Notice what is happening, though. The administration is not acting unreasonably. It is not altogether selling out to Beijing. Rather, it is adjusting its sails as the gusts of Chinese power, both economic and military, strengthen. Thus the decision to help Taiwan — but not too much — illustrates how decline itself is an overrated concept.

Decline is rarely sudden: Rather, it transpires quietly over decades, even as officialdom denies its existence and any contribution to it. The Royal Navy began its decline in the 1890s, Princeton University professor Aaron L. Friedberg writes in “The Weary Titan,” even as Britain went on to win two world wars over the next half-century. And so, China is gradually enveloping Taiwan as part of a transition toward military multipolarity in the western Pacific — away from the veritable American naval lake that the Pacific has constituted since the end of World War II. At the same time, however, the United States pushes back against this trend: This month, Obama administration officials — with China uppermost in their minds — updated a defense pact with Australia,giving the United States greater access to Australian military bases and ports near the confluence of the Pacific and Indian oceans. The United States is making room in Asian waters for the Chinese navy and air force, but only grudgingly.

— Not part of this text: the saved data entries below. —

Lemma mvt_pow_bound (f df : R -> R) (M : R) (k : nat) (lo hi : R) :
  0 <= M -> lo <= 1 <= hi -> f 1 = 0 ->
  (forall t, lo <= t <= hi -> is_derive f t (df t)) ->
  (forall t, lo <= t <= hi -> Rabs (df t) <= M * Rabs (t - 1) ^ k) ->
  forall y, lo <= y <= hi -> Rabs (f y) <= M * Rabs (y - 1) ^ (S k).
Proof.
  intros HM0 Hlh Hf1 Hd Hb y Hy.
  assert (HM : forall c, lo <= c <= hi -> Rabs (c - 1) <= Rabs (y - 1) ->
            Rabs (df c * (y - 1)) <= M * Rabs (y - 1) ^ S k).
  { intros c Hc Hcy. rewrite Rabs_mult. simpl.
    rewrite (Rmult_comm (Rabs (y - 1))), <- Rmult_assoc.
    apply Rmult_le_compat_r; [apply Rabs_pos|].
    eapply Rle_trans; [now apply Hb|].
    apply Rmult_le_compat_l; [auto|]. apply pow_incr. split; [apply Rabs_pos | auto]. }
  destruct (Rle_or_lt 1 y) as [H1|H1].
  - destruct (mvt_closed f df 1 y H1) as [c [Hc Hfc]]; [intros t Ht; apply Hd; lra|].
    rewrite Hf1, Rminus_0_r in Hfc. rewrite Hfc. apply HM; [lra|].
    rewrite !Rabs_pos_eq by lra. lra.
  - destruct (mvt_closed f df y 1 ltac:(lra)) as [c [Hc Hfc]]; [intros t Ht; apply Hd; lra|].
    rewrite Hf1 in Hfc. replace (f y) with (df c * (y - 1)) by lra. apply HM; [lra|].
    rewrite !Rabs_left1 by lra. lra.
Qed.

Lemma window_eventually :
  filter_prod (at_right 0) (Rbar_locally p_infty) (fun ab => 0 < fst ab < snd ab).
Proof.
  exists (fun a => 0 < a < 1) (fun b => 1 < b).
  - exists (mkposreal 1 Rlt_0_1). intros y Hy Hy0. split; [exact Hy0|].
    assert (Hy' : Rabs (y - 0) < 1) by exact Hy. apply Rabs_def2 in Hy'. lra.
  - now exists 1.
  - intros a b Ha Hb. simpl. lra.
Qed.

Lemma window_eventually_in (P : R -> Prop) : (forall x, 0 < x -> P x) ->
  filter_prod (at_right 0) (Rbar_locally p_infty)
    (fun ab => forall x, Rmin (fst ab) (snd ab) <= x <= Rmax (fst ab) (snd ab) -> P x).
Proof.
  intros HP. generalize window_eventually. apply filter_imp.
  intros [a b] Hab x Hx. simpl in *. apply HP.
  rewrite Rmin_left in Hx by lra. lra.
Qed.

Lemma ex_RInt_pos (g : R -> R) a b :
  (forall t, 0 < t -> continuous g t) -> 0 < a -> a <= b -> ex_RInt g a b.
Proof.
  intros Hc Ha Hab. apply (ex_RInt_continuous (V:=R_CompleteNormedModule)). intros z Hz.
  apply Hc. rewrite Rmin_left in Hz by lra. lra.
Qed.

Lemma RInt_mono_interval (g : R -> R) a' a b b' :
  (forall t, a' < t < b' -> 0 <= g t) ->
  (forall u v, a' <= u -> u <= v -> v <= b' -> ex_RInt g u v) ->
  a' <= a -> a <= b -> b <= b' -> RInt g a b <= RInt g a' b'.
Proof.
  intros Hp Hex H1 H2 H3.
  assert (C1 := RInt_Chasles (V:=R_CompleteNormedModule) g a' a b'
    (Hex a' a ltac:(lra) ltac:(lra) ltac:(lra)) (Hex a b' ltac:(lra) ltac:(lra) ltac:(lra))).
  assert (C2 := RInt_Chasles (V:=R_CompleteNormedModule) g a b b'
    (Hex a b ltac:(lra) ltac:(lra) ltac:(lra)) (Hex b b' ltac:(lra) ltac:(lra) ltac:(lra))).
  change plus with Rplus in C1, C2.
  assert (0 <= RInt g a' a) by (apply RInt_ge_0; [lra | apply Hex; lra | intros; apply Hp; lra]).
  assert (0 <= RInt g b b') by (apply RInt_ge_0; [lra | apply Hex; lra | intros; apply Hp; lra]).
  lra.
Qed.

Lemma lub_approx (E : R -> Prop) l eps : is_lub E l -> 0 < eps ->
  exists v, E v /\ l - eps < v.
Proof.
  intros [Hub Hlub] He. apply Classical_Prop.NNPP. intros Hn.
  assert (l <= l - eps); [|lra].
  apply Hlub. intros v Hv. apply Rnot_lt_le. intros Hlt. apply Hn. now exists v.
Qed.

Decline is also relative. So to talk of American decline without knowing the destiny of a power like China is rash. What if China were to have a political and economic upheaval with adverse repercussions for its defense budget? Then history would turn out a lot more complicated than a simple Chinese rise and an American fall.

Because we cannot know the future, all we can do is note the trend line. The trend line suggests that China will annex Taiwan by, in effect, going around it: by adjusting the correlation of forces in its favor so that China will never have to fight for what it will soon possess. Not only does China have some more than 1,500 short-range ballistic missiles focused on Taiwan, but there are 270 commercial flights per week between Taiwan and the mainland, even as close to a third of Taiwan’s exports go to China. Such is independence melting away. And as China’s strategic planners need to concentrate less on capturing Taiwan, they will be free to focus on projecting power into the energy-rich South China Sea and, later, into the adjoining Indian Ocean — hence America’s heightened interest in its Australian allies.

This is a power shift. Subtle and indirect though it may be, it is a clearer story line than what is occurring in the chaotic Middle East, a region less prosperous and less dynamic than East Asia in economic and military terms, and therefore less important. Taiwan tells us where we are, and very likely where we’re going.

Robert D. Kaplan is a senior fellow at the Center for a New American Security and the author of “Monsoon: The Indian Ocean and the Future of American Power.”